Information on acute oral toxicity (AOT) of 6,226 compounds determined in mice was obtained from the OCHEM database [7], and information on AOT of 6,238 compounds determined in rats was obtained from the literature [6]. We defined compounds with lethal dose 50 (LD50) values ≤ 300 mg/kg as “toxic” and compounds with LD50 values > 300 mg/kg as “less or non-toxic”. The dataset was divided into training (80%) and test (20%) datasets. The training dataset was used for hyperparameter optimization, and the test dataset was used for model evaluation (Fig. 1). During the model training and evaluation, we used log10 transformed LD50 values.

Preparation of molecular features

The structures of the compounds were presented in the simplified molecular-input line-entry system (SMILES) format [14]. To train message-passing neural networks (MPNNs), we used the Chemprop Python package [15]. The RDKit Python package was used to calculate the molecular fingerprint. Extended connectivity fingerprints with a maximum diameter parameter of 4 (ECFP4) were used [16].

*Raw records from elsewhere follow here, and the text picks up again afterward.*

(** * Clipped water-filling power *)

Definition wf_power (lam a t : R) : R := Rmin (pos_part (/ lam - / t)) a.

Definition wf_rate (lam a t : R) : R := Rmin (ln (t / lam)) (ln (1 + a * t)).

(* [gap (lam s) (A s * s)] is the function [l] of the theorem. *)
Definition gap (lam a : R) : R := / (/ lam - a) - lam.

Section WaterFilling.

Variables lam a : R.
Hypothesis Hlam : 0 < lam.
Hypothesis Ha : 0 <= a.

Lemma pos_part_inv_sub (t : R) : lam <= t -> pos_part (/ lam - / t) = (t - lam) / (lam * t).
Proof.
  intros Ht. unfold pos_part.
  replace (/ lam - / t) with ((t - lam) / (lam * t)) by (field; lra).
  apply Rmax_right, Rdiv_le_0_compat; nra.
Qed.

Lemma wf_power_eq0 (t : R) : 0 < t <= lam -> wf_power lam a t = 0.
Proof.
  intros Ht. assert (/ lam <= / t) by (apply Rinv_le_contravar; lra).
  unfold wf_power, pos_part. rewrite Rmax_left by lra. apply Rmin_left; lra.
Qed.

Lemma wf_power_ge0 (t : R) : 0 <= wf_power lam a t.
Proof. apply Rmin_glb; [apply Rmax_l | exact Ha]. Qed.

Lemma wf_power_lam_succ : wf_power lam a (lam + 1) = Rmin (/ (lam * (lam + 1))) a.
Proof.
  unfold wf_power. rewrite pos_part_inv_sub by lra. f_equal. field. lra.
Qed.

Lemma wf_power_lam_succ_ge (c : R) : c <= 1 -> c / (lam * (lam + 1)) <= a ->
  c / (lam * (lam + 1)) <= wf_power lam a (lam + 1).
Proof.
  intros Hc Hca. rewrite wf_power_lam_succ. apply Rmin_glb; [|exact Hca].
  unfold Rdiv. rewrite <- (Rmult_1_l (/ (lam * (lam + 1)))) at 2.
  apply Rmult_le_compat_r; [apply Rlt_le, Rinv_0_lt_compat; nra | exact Hc].
Qed.

Lemma wf_power_ge_lin (t : R) : lam < t <= lam + 1 ->
  (t - lam) * wf_power lam a (lam + 1) <= wf_power lam a t.
Proof.
  intros Ht. rewrite wf_power_lam_succ, Rmult_min_distr_l by lra.
  unfold wf_power. rewrite pos_part_inv_sub by lra.
  eapply Rle_trans; [apply Rle_min_compat_r | apply Rle_min_compat_l].
  - unfold Rdiv. apply Rmult_le_compat_l; [lra|]. apply Rinv_le_contravar; nra.
  - nra.
Qed.

Lemma wf_power_le_lin (t : R) : lam < t ->
  wf_power lam a t <= (1 + (t - lam)) * wf_power lam a (lam + 1).
Proof.
  intros Ht. rewrite wf_power_lam_succ, Rmult_min_distr_l by lra.
  unfold wf_power. rewrite pos_part_inv_sub by lra.
  eapply Rle_trans; [apply Rle_min_compat_r | apply Rle_min_compat_l].
  - replace ((1 + (t - lam)) * / (lam * (lam + 1))) with ((1 + (t - lam)) / (lam * (lam + 1)))
      by reflexivity.
    apply Rmult_le_reg_r with (lam * t * (lam * (lam + 1)));
      [repeat apply Rmult_lt_0_compat; lra|].
    replace ((t - lam) / (lam * t) * (lam * t * (lam * (lam + 1))))
      with ((t - lam) * (lam * (lam + 1))) by (field; lra).
    replace ((1 + (t - lam)) / (lam * (lam + 1)) * (lam * t * (lam * (lam + 1))))
      with ((1 + (t - lam)) * (lam * t)) by (field; lra).
    assert (0 <= lam * (lam + (t - lam) * (t - lam))) by (apply Rmult_le_pos; nra).
    nra.
  - nra.
Qed.

Lemma wf_rate_eq (t : R) : lam < t -> wf_rate lam a t = ln (1 + t * wf_power lam a t).
Proof.
  intros Ht. unfold wf_rate, wf_power. rewrite pos_part_inv_sub by lra.
  assert (E : 1 + t * ((t - lam) / (lam * t)) = t / lam) by (field; lra).
  unfold Rmin at 2. destruct (Rle_dec ((t - lam) / (lam * t)) a) as [Hle | Hgt].
  - rewrite E. apply Rmin_left, ln_le; [apply Rdiv_lt_0_compat; lra|]. rewrite <- E. nra.
  - rewrite Rmult_comm. apply Rmin_right, ln_le; [nra|]. rewrite <- E. nra.
Qed.

Lemma wf_rate_sub_err (t : R) : 1 <= lam -> lam < t ->
  Rabs (wf_rate lam a t - lam * wf_power lam a t)
  <= (t - lam) * (1 + (t - lam)) ^ 2 * wf_power lam a (lam + 1).
Proof.
  intros H1 Ht. rewrite wf_rate_eq by lra.
  pose proof (wf_power_le_lin t Ht) as Hup.
  pose proof (wf_power_ge0 t) as Hp0. pose proof (wf_power_ge0 (lam + 1)) as Hq0.
  set (p := wf_power lam a t) in *. set (q := wf_power lam a (lam + 1)) in *.
  set (u := t - lam) in *.
  assert (Hpu : p * (lam * t) <= u).
  { unfold p, wf_power. eapply Rle_trans.
    - apply Rmult_le_compat_r; [nra | apply Rmin_l].
    - rewrite pos_part_inv_sub by lra. unfold u. right. field. lra. }
  assert (Hx0 : 0 <= t * p) by nra.
  destruct (ln_1p_bounds (t * p) Hx0) as [Hlo Hhi].
  assert (Hlin : u * p <= u * (1 + u) ^ 2 * q).
  { assert (0 <= u * (1 + u) * q) by (apply Rmult_le_pos; [nra | lra]). unfold u in *. nra. }
  assert (Hsq : t * p * (t * p) <= u * (1 + u) ^ 2 * q).
  { assert (Htu : t <= lam * (1 + u)) by (unfold u; nra).
    assert (H2 : t * p * (t * p) * lam <= u * (t * ((1 + u) * q))).
    { replace (t * p * (t * p) * lam) with ((p * (lam * t)) * (t * p)) by ring.
      apply Rmult_le_compat; nra. }
    assert (H3 : u * (t * ((1 + u) * q)) <= u * (1 + u) ^ 2 * q * lam).
    { assert (0 <= u * ((1 + u) * q)) by (apply Rmult_le_pos; [unfold u; lra | nra]). nra. }
    nra. }
  assert (Hdiff : t * p - lam * p = u * p) by (unfold u; ring).
  apply Rabs_le. split; nra.
Qed.

Lemma peak_lower_of_gap (c : R) : 0 < c <= 1 -> lam * a < 1 -> c <= gap lam a ->
  c / (lam * (lam + 1)) <= a.
Proof.
  unfold gap. intros Hc Hla Hgap.
  assert (Hw : 0 < / lam - a).
  { apply Rmult_lt_reg_l with lam; [lra|]. rewrite Rmult_minus_distr_l, Rinv_r; lra. }
  assert (Hw' : / lam - a <= / (lam + c)).
  { rewrite <- (Rinv_inv (/ lam - a)). apply Rinv_le_contravar; [lra | lra]. }
  assert (E : / lam - / (lam + c) = c / (lam * (lam + c))) by (field; lra).
  apply Rle_trans with (c / (lam * (lam + c))); [|lra].
  unfold Rdiv. apply Rmult_le_compat_l; [lra|]. apply Rinv_le_contravar; nra.
Qed.

End WaterFilling.

Lemma improper_int_ex_RInt (f : R -> R) (a L b : R) :
  improper_int f a L -> a <= b -> ex_RInt f a b.
Proof. intros [Hint _] Hab. destruct (Hint b Hab) as [pr]. exact (ex_RInt_Reals_1 f a b pr). Qed.

Lemma improper_int_is_lim (f : R -> R) (a L : R) :
  improper_int f a L -> is_lim (fun b => RInt f a b) p_infty L.
Proof.
  intros [Hint Hlim]. apply is_lim_spec. intros eps.
  destruct (Hlim eps (cond_pos eps)) as [M HM].
  exists (Rmax M a). intros b Hb.
  pose proof (Rmax_l M a). pose proof (Rmax_r M a).
  destruct (Hint b ltac:(lra)) as [pr]. rewrite (RInt_Reals f a b pr). apply HM. lra.
Qed.

Lemma is_lim_p_infty_le (u : R -> R) (L U : R) : is_lim u p_infty L ->
  (exists M, forall b, M < b -> u b <= U) -> L <= U.
Proof. intros Hu HU. exact (is_lim_le_loc u (fun _ => U) p_infty L U HU Hu (is_lim_const U _)). Qed.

Optimization of machine learning algorithms

In this study, we tested six different machine learning (ML) algorithms, including MPNN, MPNN with molecular fingerprints, MPNN with molecular descriptors, random forest (RF), support vector machine (SVM), and artificial neural network (ANN) models, to build both classification and regression models for predicting AOT in mice and rats. Here, the RF, SVM, and ANN models were trained using molecular fingerprints as input features. MPNN learns directly from a molecular graph to predict molecular properties [15]. ANN is an ML algorithm inspired by the biological neuronal network of the human brain [17]. The ANN structure consisted of an input layer, hidden layer(s), and an output layer. The ANN learns non-linear relationships from the data. RF is an ensemble learning algorithm that constructs multiple decision trees [18]. The ANN algorithm was implemented using the Keras package (version 2.2.5) with TensorFlow backend (version 2.0.0) [19]. The RF and SVM algorithms were implemented using the scikit-learn Python package [20].

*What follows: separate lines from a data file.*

(* For every integer $t$, \begin{align*} \sum_{n=1}^\infty(-1)^{n-1}\binom{2n}{n}\frac{O_n}{8^n}L_{n+t}&=\frac{\sqrt2}{2\sqrt{\alpha+2}}\left(\bigl(\alpha^{t+1}-L_{t-1}\bigr)\ln\Bigl(\frac{\sqrt5}{2}\Bigr)+\bigl(\alpha^{t-2}+L_{t-1}\bigr)\ln\alpha\right),\\ \sum_{n=1}^\infty(-1)^{n-1}\binom{2n}{n}\frac{O_n}{8^n}F_{n+t}&=\frac{\sqrt{10}}{10\sqrt{\alpha+2}}\left(\bigl(\alpha^{t-2}+L_{t-1}\bigr)\ln\Bigl(\frac{\sqrt5}{2}\Bigr)+\bigl(\alpha^{t+1}-L_{t-1}\bigr)\ln\alpha\right), \end{align*} and, more generally, for every gibonacci sequence $G_j=G_j(a,b)$, \begin{align*} \sum_{n=1}^\infty(-1)^{n-1}\binom{2n}{n}\frac{O_n}{8^n}G_{n+t}&=\frac{\sqrt{10}}{10\sqrt{\alpha+2}}\Bigl(\bigl(\alpha^{t-3}(b\alpha+a)+G_t+G_{t-2}\bigr)\ln\Bigl(\frac{\sqrt5}{2}\Bigr)\\ &\qquad+\bigl(\alpha^t(b\alpha+a)-G_t-G_{t-2}\bigr)\ln\alpha\Bigr). \end{align*}
   Context: $O_n=\sum_{j=1}^n\frac1{2j-1}$. $F_n$ and $L_n$ are the Fibonacci and Lucas numbers ($F_0=0,F_1=1$, $L_0=2,L_1=1$, $u_n=u_{n-1}+u_{n-2}$), extended to all integers by the recurrence. $\alpha=(1+\sqrt5)/2$, $\beta=-1/\alpha$. For numbers $a,b$ not both zero, the gibonacci sequence $G_j=G_j(a,b)$ is defined by $G_0=a$, $G_1=b$, $G_j=G_{j-1}+G_{j-2}$, extended to negative indices by $G_{-j}=G_{-(j-2)}-G_{-(j-1)}$; equivalently $G_j=\frac{(b-a\beta)\alpha^j+(a\alpha-b)\beta^j}{\alpha-\beta}$. *)

From Stdlib Require Import Reals Lra Lia ZArith.
From Coquelicot Require Import Coquelicot.
Open Scope R_scope.

Fixpoint Odd_harm (n : nat) : R :=
  match n with
  | O => 0
  | S m => Odd_harm m + / (2 * INR (S m) - 1)
  end.

(* forward values: returns (G_n, G_{n+1}) *)
Fixpoint gib_fwd (a b : R) (n : nat) : R * R :=
  match n with
  | O => (a, b)
  | S m => let p := gib_fwd a b m in (snd p, fst p + snd p)
  end.

(* backward values: returns (G_{-n}, G_{-n+1}) using G_{-j} = G_{-(j-2)} - G_{-(j-1)} *)
Fixpoint gib_bwd (a b : R) (n : nat) : R * R :=
  match n with
  | O => (a, b)
  | S m => let p := gib_bwd a b m in (snd p - fst p, fst p)
  end.

Definition gib (a b : R) (j : Z) : R :=
  if (0 <=? j)%Z then fst (gib_fwd a b (Z.to_nat j))
  else fst (gib_bwd a b (Z.to_nat (- j))).

Definition Fib (j : Z) : R := gib 0 1 j.
Definition Luc (j : Z) : R := gib 2 1 j.

Definition alpha : R := (1 + sqrt 5) / 2.

Definition coef (n : nat) : R :=
  (-1) ^ (n - 1) * Binomial.C (2 * n) n * Odd_harm n / 8 ^ n.

From Stdlib Require Import Reals Lra Lia ZArith.
From Coquelicot Require Import Coquelicot.
Open Scope R_scope.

To build the optimal model with the best prediction performance, hyperparameter optimization was performed. For the classification model, we selected the optimal hyperparameter that showed the highest accuracy (ACC) using the grid-search cross-validation method. In addition, for the regression model, we selected the optimal hyperparameter that showed the lowest root mean square error (RMSE) using the grid search cross-validation method.

Five metrics were used to evaluate the performance of the classification model: ACC, area under the receiver operating characteristic (AUROC), Matthew’s correlation coefficient (MCC), positive predictive value (PPV), and negative predictive value (NPV). In addition, to evaluate the regression model performance, two performance metrics were used: the RMSE and R-squared value (R2).